Nadia entendió entonces que no todos los finales llegan con señales claras, que a veces el cierre de una historia no se siente como un final en el momento, sino como algo que se revela después, cuando ya no hay forma de volver atrás. Que hay abrazos que no se sienten diferentes cuando los das, pero que se vuelven eternos cuando sabes que no habrá otro igual, que hay despedidas que creemos temporales y terminan siendo definitivas. Y quizá lo más difícil no es aceptar que una relación terminó, sino aceptar que no supimos que estábamos viviendo la última vez, que no hubo oportunidad de hacerlo distinto, de detenernos un segundo más, de abrazar con más conciencia, de decir algo más, porque simplemente no lo sabíamos.

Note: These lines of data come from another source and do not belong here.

(* Consider the problem $\min_{x\in\mathbb{R}^n} F(x):=f(x)+g(x)$ subject to $Ax=b$, under the setting described in the context, and let $\lambda^*$ be an optimal solution of $\max_{\lambda\in\mathbb{R}^m} d(\lambda)$. Let $\{x^k\}$ and $\{\lambda^k\}$ be generated by the IAL framework described in the context, with a nonnegative tolerance sequence $\{\eta_k\}$ satisfying $\sum_{k=1}^{+\infty}\eta_k<+\infty$. Then $$\delta_k:=d(\lambda^* )-d(\lambda^k)\to 0 \quad\text{and}\quad \|Ax^{k+1}-b\|\to 0 \quad (k\to\infty).$$
   Context: Let $A\in\mathbb{R}^{m\times n}$ and $b\in\mathbb{R}^m$. Let $f:\mathbb{R}^n\to\mathbb{R}$ be convex and differentiable with Lipschitz continuous gradient. Let $g:\mathbb{R}^n\to\mathbb{R}\cup\{+\infty\}$ be a closed proper convex (possibly nonsmooth) function with bounded domain. Fix a penalty parameter $\beta>0$. For $\lambda\in\mathbb{R}^m$, define $$\hat f_\beta(x;\lambda):=f(x)+\langle\lambda,Ax-b\rangle+\tfrac{\beta}{2}\|Ax-b\|^2,\qquad \mathcal{L}_\beta(x;\lambda):=\hat f_\beta(x;\lambda)+g(x),$$ and $d(\lambda):=\min_{x\in\mathbb{R}^n}\mathcal{L}_\beta(x;\lambda)$. Here $\nabla\hat f_\beta(x;\lambda)$ denotes the gradient of $\hat f_\beta$ with respect to $x$. IAL framework: choose $x^1\in\operatorname{dom} g$, $\lambda^1\in\mathbb{R}^m$, and a nonnegative sequence $\{\eta_k\}$. For $k=1,2,\dots$: find a point $x^{k+1}$ such that $$\max_{x\in\mathbb{R}^n}\Big\{\langle\nabla\hat f_\beta(x^{k+1};\lambda^k),\,x^{k+1}-x\rangle+g(x^{k+1})-g(x)\Big\}\le\eta_k,$$ and then set $\lambda^{k+1}=\lambda^k+\beta(Ax^{k+1}-b)$. The result holds for any sequences produced in this way. *)

From HB Require Import structures.
From mathcomp Require Import all_boot all_order all_algebra.
From mathcomp Require Import all_classical all_reals all_analysis.
Set Implicit Arguments. Unset Strict Implicit. Unset Printing Implicit Defensive.
Import Order.TTheory GRing.Theory Num.Theory.
Import numFieldNormedType.Exports.
Local Open Scope classical_set_scope.
Local Open Scope ring_scope.

Section Defs.
Variable R : realType.

Definition dotv (n : nat) (u v : 'cV[R]_n) : R := \sum_(i < n) u i 0 * v i 0.
Definition enorm (n : nat) (v : 'cV[R]_n) : R := Num.sqrt (dotv v v).

Definition is_gradient (n : nat) (h : 'cV[R]_n -> R) (G : 'cV[R]_n -> 'cV[R]_n) :=
  forall x, differentiable h x /\ forall v, ('d h x : 'cV[R]_n -> R) v = dotv (G x) v.

Definition lipschitz_map (n : nat) (G : 'cV[R]_n -> 'cV[R]_n) :=
  exists Lc : R, forall x y, enorm (G x - G y) <= Lc * enorm (x - y).

Definition convex_fun (n : nat) (f : 'cV[R]_n -> R) :=
  forall (x y : 'cV[R]_n) (t : R), 0 <= t <= 1 ->
    f (t *: x + (1 - t) *: y) <= t * f x + (1 - t) * f y.

(* extended-valued convexity (g never takes -oo here) *)
Definition convex_efun (n : nat) (g : 'cV[R]_n -> \bar R) :=
  forall (x y : 'cV[R]_n) (t : R), 0 <= t <= 1 ->
    (g (t *: x + (1 - t) *: y)%R <= t%:E * g x + (1 - t)%:E * g y)%E.
Lemma psum_dist_quadratic dl K k m : 0 < dl -> (0 < m)%N ->
    (forall j, Num.sqrt j%:R * d j <= K) ->
    (forall j, (m <= j.*2)%N -> Num.sqrt j%:R * d j <= dl) ->
  `|psum x k - psum x m| <=
    dl + (dl / (2 * m%:R) + 8 * K * Num.sqrt m%:R / m%:R ^+ 2) * (k%:R - m%:R) ^+ 2.
Proof.
move=> dl_gt0 m_gt0 dK dl_bound.
have K_ge0 : 0 <= K by apply: le_trans (dK 0%N); rewrite mulr_ge0 ?sqrtr_ge0.
have z2_ge0 := sqr_ge0 (k%:R - m%:R : R).
have c1_ge0 : 0 <= dl / (2 * m%:R) by rewrite divr_ge0 ?mulr_ge0 ?ler0n ?(ltW dl_gt0).
have c2_ge0 : 0 <= 8 * K * Num.sqrt m%:R / m%:R ^+ 2.
  by rewrite divr_ge0 ?mulr_ge0 ?sqrtr_ge0 ?exprn_ge0 ?ler0n.
rewrite mulrDl.
have [mk|km] := leqP m k.*2.
- have := psum_dist_near dl_gt0 m_gt0 mk dl_bound.
  have := mulr_ge0 c2_ge0 z2_ge0; lra.
- have := psum_dist_far m_gt0 km dK.
  have := mulr_ge0 c1_ge0 z2_ge0; lra.
Qed.

End Increments.
End PartialSums.

Section EulerTauberian.
Variable R : realType.

Definition euler_avg (p : R) (s : nat -> R) n :=
  ((p + 1) ^+ n)^-1 * \sum_(k < n.+1) ('C(n, k)%:R * p ^+ (n - k)) * s k.

Lemma euler_avgE p s n :
  euler_avg p s n = \sum_(k < n.+1) binomw (p + 1)^-1 (p * (p + 1)^-1) n k * s k.
Proof.
rewrite /euler_avg big_distrr /=; apply: eq_bigr => k _.
have qn : (p + 1)^-1 ^+ n = (p + 1)^-1 ^+ k * (p + 1)^-1 ^+ (n - k).
  by rewrite -exprD subnKC // -ltnS ltn_ord.
by rewrite /binomw exprMn -exprVn qn; ring.
Qed.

Y es ahí donde todo cobra otro sentido, porque al final hay amores que no terminan en grandes momentos, sino en días comunes, en despedidas sencillas, en instantes que no parecían importantes hasta que dejaron de repetirse. Hay historias que no necesitan un cierre dramático para terminar, porque su final ocurre en lo cotidiano, en lo que parecía insignificante, en un martes cualquiera que no prometía nada, pero que sin darse cuenta lo cambió todo. Y tal vez la lección más profunda de todo esto no es aprender a soltar a alguien, sino aprender a vivir con la idea de que hubo un último momento que no supimos que era el último, y aun así fue suficiente para quedarse con nosotros para siempre.